Direct Real-Time PCR for the Detection and Serotyping of Haemophilus influenzae without DNA Extraction.

机构信息

Division of Bacterial Diseases, National Center for Immunization and Respiratory Diseases, Centers for Disease Control and Preventiongrid.416738.f, Atlanta, Georgia, USA.

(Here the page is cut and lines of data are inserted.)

(* (i) Let $G=(V,E,w)$ be a weighted graph with $n=|V|\ge 3$ vertices and symmetric nonnegative weights. Then $\rho^*_G\in[1,n-2]$. (ii) Let $G=(V,E)$ be a connected unweighted graph with $n=|V|$ and $m=|E|$. Then $\rho^*_G\in\left[1,\frac{n^2-2n}{2m-n}\right]$.
   Context: Let $V=\{v_1,\dots,v_n\}$; weights are given by a symmetric nonnegative matrix with $w_{ij}=0$ when $(v_i,v_j)\notin E$. An unweighted graph has all edge weights equal to $1$. An HC-tree for $V$ is a rooted tree with leaf set $V$; LCA denotes lowest common ancestor. For distinct $i,j,k$: relation $\{i,j|k\}$ holds in $T$ if $\mathrm{LCA}(v_i,v_j)$ is a proper descendant of $\mathrm{LCA}(v_i,v_j,v_k)$; $\{i|j|k\}$ holds if $\mathrm{LCA}(v_i,v_j)=\mathrm{LCA}(v_j,v_k)=\mathrm{LCA}(v_i,v_j,v_k)$. The triplet cost $c_T(i,j,k)$ is $w_{ik}+w_{jk}$ if $\{i,j|k\}$ holds, $w_{ij}+w_{jk}$ if $\{i,k|j\}$, $w_{ij}+w_{ik}$ if $\{j,k|i\}$, and $w_{ij}+w_{jk}+w_{ik}$ if $\{i|j|k\}$. $\mathrm{TC}_G(T)=\sum c_T(i,j,k)$ over unordered triples of distinct indices; base cost $\mathrm{BC}(G)=\sum\min\{w_{ij}+w_{ik},w_{ij}+w_{jk},w_{ik}+w_{jk}\}$ over the same triples. The ratio-cost is $\rho_G(T)=\mathrm{TC}_G(T)/\mathrm{BC}(G)$ with conventions $0/0=1$ and $x/0=+\infty$ for $x>0$, and $\rho^*_G=\min_T\rho_G(T)$ over all HC-trees $T$ for $V$. *)

From HB Require Import structures.
From mathcomp Require Import all_boot all_order all_algebra.
From mathcomp Require Import constructive_ereal.
Set Implicit Arguments. Unset Strict Implicit. Unset Printing Implicit Defensive.
Import Order.TTheory GRing.Theory Num.Theory.
Local Open Scope ring_scope.

(* A node of the tree
   is identified with its address (the sequence of child indices on the path
   from the root); ancestor = prefix of address. *)
Inductive hctree (n : nat) : Type :=
  | HLeaf of 'I_n
  | HNode of seq (hctree n).

Arguments HLeaf {n}.
Arguments HNode {n}.

Fixpoint leaves {n} (t : hctree n) : seq ('I_n * seq nat) :=
  match t with
  | HLeaf v => [:: (v, [::])]
  | HNode ts =>
      (fix aux (i : nat) (us : seq (hctree n)) :=
         match us with
         | [::] => [::]
         | u :: us' => [seq (p.1, i :: p.2) | p <- leaves u] ++ aux i.+1 us'
         end) 0%N ts
  end.

(* every internal node has at least one child, so every leaf is labelled *)
Fixpoint no_empty_node {n} (t : hctree n) : bool :=
  match t with
  | HLeaf _ => true
  | HNode ts =>
      (fix aux (us : seq (hctree n)) :=
         match us with
         | [::] => true
         | u :: us' => no_empty_node u && aux us'
         end) ts && (if ts is [::] then false else true)
  end.

Definition is_hctree {n} (t : hctree n) : bool :=
  no_empty_node t && perm_eq [seq p.1 | p <- leaves t] (enum 'I_n).

Definition addr {n} (t : hctree n) (v : 'I_n) : seq nat :=
  nth [::] [seq p.2 | p <- leaves t] (index v [seq p.1 | p <- leaves t]).

Fixpoint lcp (a b : seq nat) : seq nat :=
  match a, b with
  | x :: a', y :: b' => if x == y then x :: lcp a' b' else [::]
  | _, _ => [::]
  end.

Definition lca2 {n} (t : hctree n) (i j : 'I_n) : seq nat :=
  lcp (addr t i) (addr t j).
Definition lca3 {n} (t : hctree n) (i j k : 'I_n) : seq nat :=
  lcp (lcp (addr t i) (addr t j)) (addr t k).

Definition proper_desc (u v : seq nat) : bool := prefix v u && (u != v).

Definition rel_sep {n} (t : hctree n) (i j k : 'I_n) : bool :=
  proper_desc (lca2 t i j) (lca3 t i j k).
Definition rel_star {n} (t : hctree n) (i j k : 'I_n) : bool :=
  (lca2 t i j == lca3 t i j k) && (lca2 t j k == lca3 t i j k).

Section Costs.
Variable R : realFieldType.
Variable n : nat.
Variable w : 'M[R]_n.

Definition triplet_cost (t : hctree n) (i j k : 'I_n) : R :=
  if rel_sep t i j k then w i k + w j k
  else if rel_sep t i k j then w i j + w j k
  else if rel_sep t j k i then w i j + w i k
  else if rel_star t i j k then w i j + w j k + w i k
  else 0.

Definition TC (t : hctree n) : R :=
  \sum_(i < n) \sum_(j < n | (i < j)%N) \sum_(k < n | (j < k)%N)
     triplet_cost t i j k.

Definition BC : R :=
  \sum_(i < n) \sum_(j < n | (i < j)%N) \sum_(k < n | (j < k)%N)
     Num.min (w i j + w i k) (Num.min (w i j + w j k) (w i k + w j k)).

Definition rho (t : hctree n) : \bar R :=
  if BC == 0 then (if TC t == 0 then 1%:E else +oo%E)
  else (TC t / BC)%:E.

Definition rho_star_in (lo hi : R) : Prop :=
  exists t : hctree n, [/\ is_hctree t,
    (forall t' : hctree n, is_hctree t' -> (rho t <= rho t')%E),
    (lo%:E <= rho t)%E & (rho t <= hi%:E)%E].
End Costs.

IHRC Inc., Contractor to Division of Bacterial Diseases, National Center for Immunization and Respiratory Diseases, Centers for Disease Control and Preventiongrid.416738.f, Atlanta, Georgia, USA.

出版信息

J Clin Microbiol. 2022 Apr 20;60(4):e0211121. doi: 10.1128/jcm.02111-21. Epub 2022 Mar 21.

DOI:10.1128/jcm.02111-21
PMID:35306833
原文链接:https://pmc.ncbi.nlm.nih.gov/articles/PMC9020362/
Abstract

To monitor the burden and changes in Haemophilus influenzae (Hi) disease, direct real-time PCR (drt-PCR) assays have been developed for Hi detection in monoplex form and its six serotypes in triplex form, directly from cerebrospinal fluid (CSF) specimens. These assays target the gene for the species detection (Hi-) and serotype-specific genes in region II of the capsule biosynthesis locus (Hi-abf and Hi-cde), identified through comparative analysis of Hi and non-Hi whole-genome sequences. The lower limit of detection (LLD) is 293 CFU/mL for the Hi- assay and ranged from 11 to 130 CFU/mL for the triplex serotyping assays. Using culture as a reference method, the sensitivity and specificity of Hi-, Hi-abf, and Hi-cde were 100%. Triplex serotyping assays also showed 100% agreement for each serotype compared to their corresponding monoplex serotyping assay. These highly sensitive and specific drt-PCR assays do not require DNA extraction and thereby reduce the time, cost, and handling required to process CSF specimens. Furthermore, triplex drt-PCR assays combine the detection of three serotypes in a single reaction, further improving testing efficiency, which is critical for laboratories that process high volumes of Hi specimens for surveillance and diagnostic purposes.

摘要

为了监测流感嗜血杆菌(Hi)疾病的负担和变化,已经开发了直接实时 PCR(drt-PCR)检测方法,用于从脑脊液(CSF)标本中单重形式和三重形式直接检测 Hi 及其六个血清型。这些检测方法针对种属检测(Hi-)和荚膜生物合成基因座区域 II 中血清型特异性基因(Hi-abf 和 Hi-cde)的基因,通过对 Hi 和非 Hi 全基因组序列的比较分析确定。Hi-检测的最低检测限(LLD)为 293 CFU/mL,三重血清分型检测的范围为 11 至 130 CFU/mL。使用培养作为参考方法,Hi-、Hi-abf 和 Hi-cde 的敏感性和特异性均为 100%。与相应的单重血清分型检测相比,三重血清分型检测对于每个血清型也显示出 100%的一致性。这些高度敏感和特异性的 drt-PCR 检测方法不需要 DNA 提取,从而减少了处理 CSF 标本所需的时间、成本和处理。此外,三重 drt-PCR 检测方法将三种血清型的检测结合在一个反应中,进一步提高了检测效率,这对于处理大量 Hi 标本进行监测和诊断目的的实验室至关重要。